- **Description of the task**
Return each line exactly as written. Begin with the first line of the entries and end with the line that has "by apply: erestrict_ge0".

Records contained in a dataset
Lemma risk_le_witness (C : 'I_k -> 'I_p -> R) r : 0 <= r ->
  (risk P mu C <= r%:E)%E ->
  exists w, in_box B (mu w) /\ sqdist (mu w) (Pi C (mu w)) <= r + 1.
Proof.
move=> r_ge0 risk_le; apply: contrapT => far.
have [N [mN PN0 N_box]] := mu_box.
suff : ((r + 1)%:E <= risk P mu C)%E.
  by move=> /le_trans/(_ risk_le); rewrite lee_fin; lra.
rewrite /risk; apply: (@le_trans _ _ (\int[P]_w (cst (r + 1)%:E \_ (~` N)) w)%E).
  rewrite -integral_mkcond integral_cst; last exact: measurableC.
  have PN0' : (P : {measure set T -> \bar R}) N = 0%E := PN0.
  by rewrite probability_measure_setC // PN0' sube0 mule1.
apply: ge0_le_integral_nonmeas => w.
  by apply: erestrict_ge0 => {}w _; rewrite lee_fin addr_ge0.
rewrite /patch; case: ifPn => [/set_mem w_good|_]; last by rewrite lee_fin sqdist_ge0.
have w_box : in_box B (mu w) by apply: contrapT => w_out; exact/w_good/N_box.
by rewrite lee_fin ltW // ltNge; apply/negP => w_near; apply: far; exists w.
Qed.

Lemma optimal_nearest_edist_le (C : 'I_k -> 'I_p -> R) x j : optimal P mu C ->
  in_box B x -> is_nearest C x j -> edist x (C j) <= E + Num.sqrt (E ^+ 2 + 1).
Proof.
move=> Copt x_box xj.
have [w [w_box w_near]] := risk_le_witness (sqr_ge0 E) (optimal_risk_le j Copt).
have [l Pi_l _] := Pi_nearest C (mu w) j.
apply: le_trans (_ : edist x (C l) <= _); first by rewrite ler_edist; exact: xj.
apply: le_trans (edist_triangle x (mu w) (C l)) _.
apply: lerD; first exact: edist_le_box.
by rewrite ler_sqrt ?addr_ge0 ?sqr_ge0 // -Pi_l.
Qed.

End OptimalCodebook.

Section CoordinateError.
Context {R : realType} {p k : nat} d {T : measurableType d}.
Variables (P : probability T R) (mu muhat : T -> 'I_p -> R) (C : 'I_k -> 'I_p -> R) (B : R).
Hypotheses (mmu : forall a, measurable_fun setT (fun w => mu w a))
  (mu_box : {ae P, forall w, in_box B (mu w)})
  (muhat_box : {ae P, forall w, in_box B (muhat w)})
  (Copt : optimal P mu C).

Let E := p%:R * (2 * B).
Let t := 2 * \sum_b supnorm P (fun w => muhat w b - mu w b).

Lemma ae_edist_le_supnorm :
  {ae P, forall w, edist (mu w) (muhat w) <= \sum_b supnorm P (fun w => muhat w b - mu w b)}.
Proof.
have coord_err b : {ae P, forall w,
    `|muhat w b - mu w b| <= supnorm P (fun w => muhat w b - mu w b)}.
  apply: (@ae_le_supnorm _ _ _ _ _ (2 * B)).
  apply: filterS2 mu_box muhat_box => w x_box y_box.
  by apply: le_trans (ler_normB _ _) _; have := x_box b; have := y_box b; lra.
apply: filterS (filter_forall _ coord_err) => w w_err.
apply: le_trans (edist_le_sum _ _) (ler_sum _ _) => b _.
by rewrite distrC; exact: w_err.
Qed.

- **Completed task**
Lemma risk_le_witness (C : 'I_k -> 'I_p -> R) r : 0 <= r ->
  (risk P mu C <= r%:E)%E ->
  exists w, in_box B (mu w) /\ sqdist (mu w) (Pi C (mu w)) <= r + 1.
Proof.
move=> r_ge0 risk_le; apply: contrapT => far.
have [N [mN PN0 N_box]] := mu_box.
suff : ((r + 1)%:E <= risk P mu C)%E.
  by move=> /le_trans/(_ risk_le); rewrite lee_fin; lra.
rewrite /risk; apply: (@le_trans _ _ (\int[P]_w (cst (r + 1)%:E \_ (~` N)) w)%E).
  rewrite -integral_mkcond integral_cst; last exact: measurableC.
  have PN0' : (P : {measure set T -> \bar R}) N = 0%E := PN0.
  by rewrite probability_measure_setC // PN0' sube0 mule1.
apply: ge0_le_integral_nonmeas => w.
  by apply: erestrict_ge0 => {}w _; rewrite lee_fin addr_ge0.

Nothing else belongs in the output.